TRIBUNAL DE JUSTIÇA DO ESTADO DO PIAUÍ
ÓRGÃO JULGADOR : 4ª Câmara de Direito Público
AGRAVO DE INSTRUMENTO (202) No 0757714-98.2020.8.18.0000
AGRAVANTE: QUIRINO DE ALENCAR AVELINO, MARIA DE FRANCA AVELINO
Advogado(s) do reclamante: NAIARA BEATRIZ GOMES DE OLIVEIRA RODRIGUES, FRANCISCO NUNES DE BRITO FILHO
AGRAVADO: MINISTERIO PUBLICO COMARCA DE ITAUEIRA
RELATOR(A): Desembargador OTON MÁRIO JOSÉ LUSTOSA TORRES
EMENTA
DIREITO PROCESSO CIVIL. AGRAVO DE INSTRUMENTO. EFEITO SUSPENSIVO ATIVO NÃO CONCEDIDO. AÇÃO DE IMPROBIDADE ADMINISTRATIVA. DECRETAÇÃO DE INDISPONIBILIDADE DE BENS. EXISTÊNCIA DE FUNDADOS INDÍCIOS DA PRÁTICA DE ATO DE IMPROBIDADE ADMINISTRATIVA. APLICAÇÃO DA NOVA REDAÇÃO DO ART. 16, § 10, DA LEI 8.429/92 (LEI DE IMPROBIDADE ADMINISTRATIVA).
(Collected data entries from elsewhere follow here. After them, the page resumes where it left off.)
(* Let $T\ge 1$ and, for $t=1,\dots,T$, let $X_t\in\mathbb{R}^{n_t\times p}$ be random design matrices, and let $y_t=X_t\beta+\epsilon_t$, where $\beta\in\mathbb{R}^p$ is deterministic and the noise vectors $\epsilon_t\in\mathbb{R}^{n_t}$ have entries (across all $t$) that are i.i.d. with mean $0$ and variance $\sigma^2$, independent of $X=(X_1^\top,\dots,X_T^\top)^\top$. Let $\lambda_1,\dots,\lambda_T>0$, $\hat\Sigma_t=\frac{1}{n_t}X_t^\top X_t$, $A_t=\lambda_t(\hat\Sigma_t+\lambda_t I_p)^{-1}$, and let $\hat\beta_T$ be the continual ridge estimator (defined in the context). Then for any positive semidefinite $\Sigma_0\in\mathbb{R}^{p\times p}$, $$B_X(\hat\beta_T;\beta,\Sigma_0)=\beta^\top A_1A_2\cdots A_T\Sigma_0A_T\cdots A_2A_1\beta,$$ $$V_X(\hat\beta_T;\beta,\Sigma_0)=\sigma^2\sum_{t=1}^T\frac{1}{\lambda_t n_t}\mathrm{Tr}\big[A_TA_{T-1}\cdots A_{t+1}(A_t-A_t^2)A_{t+1}\cdots A_{T-1}A_T\Sigma_0\big],$$ with the convention that an empty matrix product equals $I_p$.
   Context: Continual ridge estimator: $\hat\beta_0=0$ and for $t=1,\dots,T$, $\hat\beta_t=\arg\min_{b\in\mathbb{R}^p}\{\frac{1}{n_t}\|X_tb-y_t\|^2+\lambda_t\|b-\hat\beta_{t-1}\|^2\}$; equivalently $\hat\beta_t=(\hat\Sigma_t+\lambda_tI_p)^{-1}\frac{1}{n_t}X_t^\top y_t+A_t\hat\beta_{t-1}$. For an estimator $\hat\beta$ and a positive semidefinite matrix $\Sigma_0$, the bias and variance terms are $B_X(\hat\beta;\beta,\Sigma_0)=(\mathbb{E}(\hat\beta\mid X)-\beta)^\top\Sigma_0(\mathbb{E}(\hat\beta\mid X)-\beta)$ and $V_X(\hat\beta;\beta,\Sigma_0)=\mathrm{Tr}(\mathrm{Cov}(\hat\beta\mid X)\Sigma_0)$. *)

From HB Require Import structures.
From mathcomp Require Import all_boot all_order all_algebra.
From mathcomp Require Import all_classical all_reals all_analysis.
Set Implicit Arguments. Unset Strict Implicit. Unset Printing Implicit Defensive.
Import Order.TTheory GRing.Theory Num.Theory.
Local Open Scope classical_set_scope.
Local Open Scope ring_scope.

Definition mutually_independent d (Om : measurableType d) (R : realType)
    (P : probability Om R) (I : finType) (e : I -> Om -> R) : Prop :=
  forall (S : {set I}) (B : I -> set R), (forall i, measurable (B i)) ->
    P (\bigcap_(i in [set i | i \in S]) (e i @^-1` B i)) =
    (\big[*%E/1%E]_(i in S) P (e i @^-1` B i))%E.

Definition identically_distributed d (Om : measurableType d) (R : realType)
    (P : probability Om R) (I : Type) (e : I -> Om -> R) : Prop :=
  forall i j (B : set R), measurable B -> P (e i @^-1` B) = P (e j @^-1` B).
(* Let $\chi$ and $\eta$ be Dirichlet characters mod $N$ with $\chi$ primitive. Then $J_{\mathfrak J_2}(\chi,\eta)=N^4J(\chi,\chi,\eta)$.
   Context: $\mathfrak C_\mathbb Q$ is the (positive definite) Cayley octonion algebra with involution $x\mapsto\bar x$ and norm $N(x)=x\bar x$, and $\mathfrak o$ the order of integral Cayley numbers ($N|_\mathfrak o$ is a positive definite integral quadratic form of rank $8$ whose Gram matrix lies in $\frac12GL_8(\mathbb Z)$). $\mathfrak J_2(\mathbb Z)$ is the set of matrices $B=\begin{pmatrix}a&x\\ \bar x&b\end{pmatrix}$, $a,b\in\mathbb Z$, $x\in\mathfrak o$, with $\det B=ab-N(x)$, $\mathrm{Tr}(B)=a+b$, and $\mathfrak J_2(\mathbb Z/N\mathbb Z)=\mathfrak J_2(\mathbb Z)\otimes\mathbb Z/N\mathbb Z$. Dirichlet characters vanish on non-units mod $N$. $J_{\mathfrak J_2}(\chi_1,\chi_2)=\sum_{B\in\mathfrak J_2(\mathbb Z/N\mathbb Z)}\chi_1(\det B)\chi_2(1-\mathrm{Tr}(B))$ and $J(\chi_1,\chi_2,\chi_3)=\sum_{a_1+a_2+a_3=1,\ a_i\in\mathbb Z/N\mathbb Z}\chi_1(a_1)\chi_2(a_2)\chi_3(a_3)$. *)

From mathcomp Require Import all_boot all_order all_algebra all_field.
Set Implicit Arguments. Unset Strict Implicit. Unset Printing Implicit Defensive.
Import Order.TTheory GRing.Theory Num.Theory.
Local Open Scope ring_scope.

(** * The Cayley octonion algebra C_Q (positive definite), coordinates
    w.r.t. the standard basis e_0 = 1, e_1, ..., e_7, with the Fano-plane
    multiplication rule  e_i e_{i+1} = e_{i+3}  (indices 1..7 taken mod 7). *)

Definition oct := {ffun 'I_8 -> rat}.

(* octtab i j = (s, k) means  e_i * e_j = s e_k. *)
Definition octtab : seq (seq (int * nat)) :=
 [:: [:: (1%Z, 0%N); (1%Z, 1%N); (1%Z, 2%N); (1%Z, 3%N); (1%Z, 4%N); (1%Z, 5%N); (1%Z, 6%N); (1%Z, 7%N)];
    [:: (1%Z, 1%N); ((-1)%Z, 0%N); (1%Z, 4%N); (1%Z, 7%N); ((-1)%Z, 2%N); (1%Z, 6%N); ((-1)%Z, 5%N); ((-1)%Z, 3%N)];
    [:: (1%Z, 2%N); ((-1)%Z, 4%N); ((-1)%Z, 0%N); (1%Z, 5%N); (1%Z, 1%N); ((-1)%Z, 3%N); (1%Z, 7%N); ((-1)%Z, 6%N)];
    [:: (1%Z, 3%N); ((-1)%Z, 7%N); ((-1)%Z, 5%N); ((-1)%Z, 0%N); (1%Z, 6%N); (1%Z, 2%N); ((-1)%Z, 4%N); (1%Z, 1%N)];
    [:: (1%Z, 4%N); (1%Z, 2%N); ((-1)%Z, 1%N); ((-1)%Z, 6%N); ((-1)%Z, 0%N); (1%Z, 7%N); (1%Z, 3%N); ((-1)%Z, 5%N)];
    [:: (1%Z, 5%N); ((-1)%Z, 6%N); (1%Z, 3%N); ((-1)%Z, 2%N); ((-1)%Z, 7%N); ((-1)%Z, 0%N); (1%Z, 1%N); (1%Z, 4%N)];
    [:: (1%Z, 6%N); (1%Z, 5%N); ((-1)%Z, 7%N); (1%Z, 4%N); ((-1)%Z, 3%N); ((-1)%Z, 1%N); ((-1)%Z, 0%N); (1%Z, 2%N)];
    [:: (1%Z, 7%N); (1%Z, 3%N); (1%Z, 6%N); ((-1)%Z, 1%N); (1%Z, 5%N); ((-1)%Z, 4%N); ((-1)%Z, 2%N); ((-1)%Z, 0%N)]].

Definition octsgn (i j : 'I_8) : int := (nth (0%Z, 0%N) (nth [::] octtab i) j).1.
Definition octidx (i j : 'I_8) : nat := (nth (0%Z, 0%N) (nth [::] octtab i) j).2.

Definition octmul (x y : oct) : oct :=
  [ffun k : 'I_8 => \sum_(i < 8) \sum_(j < 8)
      (if octidx i j == k then (octsgn i j)%:~R * x i * y j else 0)].

Definition octconj (x : oct) : oct :=
  [ffun k : 'I_8 => if k == ord0 then x k else - x k].

Definition octN (x : oct) : rat := octmul x (octconj x) ord0.

(** * The order o of integral Cayley numbers (one of Coxeter's seven maximal
    orders for this multiplication table), given by an explicit Z-basis:
    e_0, e_1, e_2, e_3, (e0+e1+e3+e7)/2, (e0+e2+e5+e7)/2, (e0+e3+e4+e5)/2,
    (e0+e4+e6+e7)/2.  o = Z-span of these. *)
Definition obasis_supp : seq (seq nat) :=
  [:: [:: 0]; [:: 1]; [:: 2]; [:: 3];
      [:: 0; 1; 3; 7]; [:: 0; 2; 5; 7]; [:: 0; 3; 4; 5]; [:: 0; 4; 6; 7]]%N.

Definition obasis (i : 'I_8) : oct :=
  [ffun k : 'I_8 => if (k : nat) \in nth [::] obasis_supp i then
                      (if (i < 4)%N then 1 else 2%:R^-1) else 0].

Definition oelt (c : 'I_8 -> int) : oct := \sum_(i < 8) obasis i *~ c i.

Definition in_o (x : oct) : Prop := exists c : 'I_8 -> int, x = oelt c.

Definition dirichlet_char (N : nat) (chi : int -> algC) : Prop :=
  [/\ chi 1 = 1,
      (forall m n : int, chi (m * n) = chi m * chi n),
      (forall n : int, chi (n + N%:Z) = chi n) &
      (forall n : int, (chi n != 0) = coprimez n N)].

(* chi is primitive: it is not induced from a character mod any proper
   divisor d of N (i.e. its conductor is N). *)
Definition primitive_char (N : nat) (chi : int -> algC) : Prop :=
  forall d : nat, (d %| N)%N -> (d < N)%N ->
    exists n : int, [/\ coprimez n N, (n == 1 %[mod d%:Z])%Z & chi n != 1].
EXCLUSÃO DO VALOR EM BENS CORRESPONDENTE A POSSÍVEL APLICAÇÃO DE MULTA. RECURSO CONHECIDO E PARCIALMENTE PROVIDO.
1. Insurgem-se os agravantes, contra decisão proferida na origem, então agravada, na qual fora decretada a indisponibilidade de bens dos réus/agravantes, no valor total correspondente a R$ 2.113.338,56 (dois milhões cento e treze mil, trezentos e trinta e oito reais e cinquenta e seis centavos), nesse total incluso o valor correspondente a possível multa a ser aplicada (R$ 1.056,669,28).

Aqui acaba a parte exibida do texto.